Aim of the task: Which of the lines below include "Definition"? Each one should be copied out.

Collected data entries
- - -

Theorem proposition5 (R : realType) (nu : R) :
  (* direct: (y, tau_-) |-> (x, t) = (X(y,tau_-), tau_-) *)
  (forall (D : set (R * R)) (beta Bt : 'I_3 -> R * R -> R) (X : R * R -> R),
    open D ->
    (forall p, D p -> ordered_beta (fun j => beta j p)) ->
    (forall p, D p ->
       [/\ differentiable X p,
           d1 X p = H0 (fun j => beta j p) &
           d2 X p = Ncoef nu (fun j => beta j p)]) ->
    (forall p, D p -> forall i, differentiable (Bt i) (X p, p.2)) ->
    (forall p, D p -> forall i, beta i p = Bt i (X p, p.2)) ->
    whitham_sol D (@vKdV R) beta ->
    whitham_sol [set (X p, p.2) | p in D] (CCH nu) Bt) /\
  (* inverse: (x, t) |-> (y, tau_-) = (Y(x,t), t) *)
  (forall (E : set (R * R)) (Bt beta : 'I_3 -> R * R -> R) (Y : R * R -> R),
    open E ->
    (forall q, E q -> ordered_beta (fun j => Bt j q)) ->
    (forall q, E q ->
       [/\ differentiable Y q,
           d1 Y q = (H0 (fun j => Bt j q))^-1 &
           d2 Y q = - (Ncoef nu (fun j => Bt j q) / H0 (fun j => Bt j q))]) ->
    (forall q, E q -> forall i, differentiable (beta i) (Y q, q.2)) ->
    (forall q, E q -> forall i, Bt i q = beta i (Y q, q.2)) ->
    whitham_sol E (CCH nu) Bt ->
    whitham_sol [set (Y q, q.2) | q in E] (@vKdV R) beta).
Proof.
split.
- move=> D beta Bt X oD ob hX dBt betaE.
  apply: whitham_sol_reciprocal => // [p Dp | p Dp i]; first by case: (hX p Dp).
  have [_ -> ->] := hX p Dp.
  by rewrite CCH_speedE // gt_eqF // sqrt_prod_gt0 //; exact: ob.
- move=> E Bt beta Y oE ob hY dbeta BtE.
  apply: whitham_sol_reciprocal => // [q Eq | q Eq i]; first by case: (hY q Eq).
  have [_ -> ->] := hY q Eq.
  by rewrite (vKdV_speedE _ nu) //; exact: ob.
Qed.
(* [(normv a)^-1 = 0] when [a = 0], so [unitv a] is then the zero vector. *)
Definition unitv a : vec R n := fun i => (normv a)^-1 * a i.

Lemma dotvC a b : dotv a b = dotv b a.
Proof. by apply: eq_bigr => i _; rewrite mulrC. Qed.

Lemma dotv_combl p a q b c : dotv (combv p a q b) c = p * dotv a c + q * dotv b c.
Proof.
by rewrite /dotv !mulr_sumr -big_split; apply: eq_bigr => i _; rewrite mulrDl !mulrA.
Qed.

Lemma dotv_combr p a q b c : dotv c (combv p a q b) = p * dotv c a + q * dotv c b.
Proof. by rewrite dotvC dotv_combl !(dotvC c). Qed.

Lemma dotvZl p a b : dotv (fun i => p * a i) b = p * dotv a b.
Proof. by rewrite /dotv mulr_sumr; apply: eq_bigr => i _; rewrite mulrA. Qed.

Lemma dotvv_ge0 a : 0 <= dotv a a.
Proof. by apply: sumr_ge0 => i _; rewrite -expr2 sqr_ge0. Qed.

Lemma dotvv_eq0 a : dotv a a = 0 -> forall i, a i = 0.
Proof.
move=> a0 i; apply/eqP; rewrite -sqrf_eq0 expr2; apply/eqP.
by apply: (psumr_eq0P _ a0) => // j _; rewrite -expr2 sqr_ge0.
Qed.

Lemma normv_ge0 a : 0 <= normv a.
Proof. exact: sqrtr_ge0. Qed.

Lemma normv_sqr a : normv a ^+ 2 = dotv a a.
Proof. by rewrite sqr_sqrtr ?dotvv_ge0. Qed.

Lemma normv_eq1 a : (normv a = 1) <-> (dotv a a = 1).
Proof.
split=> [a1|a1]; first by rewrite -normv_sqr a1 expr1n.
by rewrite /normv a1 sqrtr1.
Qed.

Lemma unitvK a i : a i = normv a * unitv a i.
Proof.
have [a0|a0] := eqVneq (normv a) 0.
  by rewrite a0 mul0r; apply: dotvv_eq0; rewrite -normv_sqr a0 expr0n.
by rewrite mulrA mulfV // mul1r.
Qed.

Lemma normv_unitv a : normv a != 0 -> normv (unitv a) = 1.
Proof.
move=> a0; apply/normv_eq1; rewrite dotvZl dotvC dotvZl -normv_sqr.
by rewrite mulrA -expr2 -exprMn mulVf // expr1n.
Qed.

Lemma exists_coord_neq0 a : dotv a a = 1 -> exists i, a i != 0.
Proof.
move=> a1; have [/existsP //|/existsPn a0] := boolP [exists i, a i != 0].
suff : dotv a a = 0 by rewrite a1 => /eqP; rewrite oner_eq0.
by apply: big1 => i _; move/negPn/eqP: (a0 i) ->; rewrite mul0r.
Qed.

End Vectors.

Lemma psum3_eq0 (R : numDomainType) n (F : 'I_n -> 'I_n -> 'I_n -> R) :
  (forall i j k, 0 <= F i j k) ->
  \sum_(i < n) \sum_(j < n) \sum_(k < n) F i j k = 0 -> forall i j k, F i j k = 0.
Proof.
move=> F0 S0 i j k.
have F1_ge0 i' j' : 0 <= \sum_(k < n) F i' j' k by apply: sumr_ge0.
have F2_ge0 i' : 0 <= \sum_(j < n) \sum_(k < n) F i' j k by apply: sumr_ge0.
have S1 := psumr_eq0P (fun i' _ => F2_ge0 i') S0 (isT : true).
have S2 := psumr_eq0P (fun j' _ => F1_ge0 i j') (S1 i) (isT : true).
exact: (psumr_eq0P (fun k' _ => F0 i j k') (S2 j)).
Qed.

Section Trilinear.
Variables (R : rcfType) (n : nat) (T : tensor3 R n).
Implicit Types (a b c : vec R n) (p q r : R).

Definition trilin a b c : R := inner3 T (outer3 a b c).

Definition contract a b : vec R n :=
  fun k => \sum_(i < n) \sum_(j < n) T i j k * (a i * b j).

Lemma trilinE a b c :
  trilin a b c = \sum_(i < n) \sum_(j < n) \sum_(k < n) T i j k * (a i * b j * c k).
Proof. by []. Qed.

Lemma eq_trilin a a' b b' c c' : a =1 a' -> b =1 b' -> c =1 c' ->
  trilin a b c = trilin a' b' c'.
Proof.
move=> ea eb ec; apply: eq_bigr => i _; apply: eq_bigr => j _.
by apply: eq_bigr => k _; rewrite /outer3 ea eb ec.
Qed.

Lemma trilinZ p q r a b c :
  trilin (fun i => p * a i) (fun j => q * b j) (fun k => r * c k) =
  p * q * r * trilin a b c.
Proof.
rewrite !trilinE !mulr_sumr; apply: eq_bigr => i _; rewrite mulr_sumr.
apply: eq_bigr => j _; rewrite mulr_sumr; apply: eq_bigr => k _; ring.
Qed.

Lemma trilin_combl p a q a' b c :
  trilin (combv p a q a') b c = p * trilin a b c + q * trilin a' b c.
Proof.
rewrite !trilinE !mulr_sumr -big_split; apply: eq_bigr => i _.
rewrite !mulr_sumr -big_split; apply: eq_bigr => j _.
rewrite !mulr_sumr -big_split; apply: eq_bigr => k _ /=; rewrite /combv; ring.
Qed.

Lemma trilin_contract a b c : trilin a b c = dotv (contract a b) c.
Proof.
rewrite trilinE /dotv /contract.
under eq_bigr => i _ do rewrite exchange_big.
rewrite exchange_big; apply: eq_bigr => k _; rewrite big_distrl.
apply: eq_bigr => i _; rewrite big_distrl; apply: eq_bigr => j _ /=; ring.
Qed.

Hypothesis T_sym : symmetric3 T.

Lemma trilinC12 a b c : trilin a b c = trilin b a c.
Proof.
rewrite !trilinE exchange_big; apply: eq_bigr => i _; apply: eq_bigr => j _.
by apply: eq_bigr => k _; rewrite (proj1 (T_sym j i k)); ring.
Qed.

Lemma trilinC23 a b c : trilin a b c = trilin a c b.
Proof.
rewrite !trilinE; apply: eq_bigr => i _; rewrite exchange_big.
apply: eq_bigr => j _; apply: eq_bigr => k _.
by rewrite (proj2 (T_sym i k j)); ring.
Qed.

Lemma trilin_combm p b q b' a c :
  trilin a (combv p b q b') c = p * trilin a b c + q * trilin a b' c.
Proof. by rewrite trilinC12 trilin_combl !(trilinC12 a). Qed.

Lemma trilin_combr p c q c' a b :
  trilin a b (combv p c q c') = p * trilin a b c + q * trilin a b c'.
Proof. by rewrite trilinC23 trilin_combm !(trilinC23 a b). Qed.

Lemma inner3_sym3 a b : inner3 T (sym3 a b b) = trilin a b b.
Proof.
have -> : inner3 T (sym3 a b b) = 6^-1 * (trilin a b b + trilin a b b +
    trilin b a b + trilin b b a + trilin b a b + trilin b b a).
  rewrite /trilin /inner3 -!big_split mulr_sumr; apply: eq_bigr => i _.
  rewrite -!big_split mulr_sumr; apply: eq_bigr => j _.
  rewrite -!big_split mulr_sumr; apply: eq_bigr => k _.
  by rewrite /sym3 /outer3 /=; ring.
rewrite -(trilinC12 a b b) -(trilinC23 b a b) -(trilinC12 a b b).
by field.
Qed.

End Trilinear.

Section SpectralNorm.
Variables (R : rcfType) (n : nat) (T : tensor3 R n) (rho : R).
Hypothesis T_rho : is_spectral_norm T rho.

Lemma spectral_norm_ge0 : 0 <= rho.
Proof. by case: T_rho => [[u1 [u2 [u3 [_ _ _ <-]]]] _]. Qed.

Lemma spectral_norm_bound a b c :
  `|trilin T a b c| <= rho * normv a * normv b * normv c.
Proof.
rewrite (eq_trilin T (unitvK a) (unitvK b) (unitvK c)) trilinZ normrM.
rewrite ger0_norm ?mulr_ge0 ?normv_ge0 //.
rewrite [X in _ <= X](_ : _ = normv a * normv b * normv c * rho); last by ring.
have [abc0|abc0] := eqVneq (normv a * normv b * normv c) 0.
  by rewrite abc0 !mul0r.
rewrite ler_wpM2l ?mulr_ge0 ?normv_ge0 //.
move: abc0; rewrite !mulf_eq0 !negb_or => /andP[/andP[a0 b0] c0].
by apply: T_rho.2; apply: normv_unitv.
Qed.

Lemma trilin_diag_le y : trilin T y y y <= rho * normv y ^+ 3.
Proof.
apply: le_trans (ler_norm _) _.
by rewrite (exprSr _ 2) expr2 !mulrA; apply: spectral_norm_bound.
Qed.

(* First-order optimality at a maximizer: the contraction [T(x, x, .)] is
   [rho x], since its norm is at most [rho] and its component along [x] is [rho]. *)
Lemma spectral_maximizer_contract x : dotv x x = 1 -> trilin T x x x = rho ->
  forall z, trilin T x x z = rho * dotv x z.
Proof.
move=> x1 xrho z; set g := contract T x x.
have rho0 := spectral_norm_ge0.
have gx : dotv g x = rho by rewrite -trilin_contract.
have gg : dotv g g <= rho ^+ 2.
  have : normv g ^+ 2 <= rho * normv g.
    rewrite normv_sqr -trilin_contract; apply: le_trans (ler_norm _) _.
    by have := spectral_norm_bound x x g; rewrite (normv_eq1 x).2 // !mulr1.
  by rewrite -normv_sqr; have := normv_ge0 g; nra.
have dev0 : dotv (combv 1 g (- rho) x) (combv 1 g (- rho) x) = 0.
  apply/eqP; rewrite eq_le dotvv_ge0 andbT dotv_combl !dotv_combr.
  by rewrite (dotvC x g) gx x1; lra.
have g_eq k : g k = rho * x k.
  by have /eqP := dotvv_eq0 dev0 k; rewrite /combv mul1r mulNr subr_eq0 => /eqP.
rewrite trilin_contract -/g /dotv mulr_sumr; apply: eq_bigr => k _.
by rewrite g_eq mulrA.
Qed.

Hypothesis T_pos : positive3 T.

- - -

Answer for the task:
Definition unitv a : vec R n := fun i => (normv a)^-1 * a i.
Definition trilin a b c : R := inner3 T (outer3 a b c).
Definition contract a b : vec R n :=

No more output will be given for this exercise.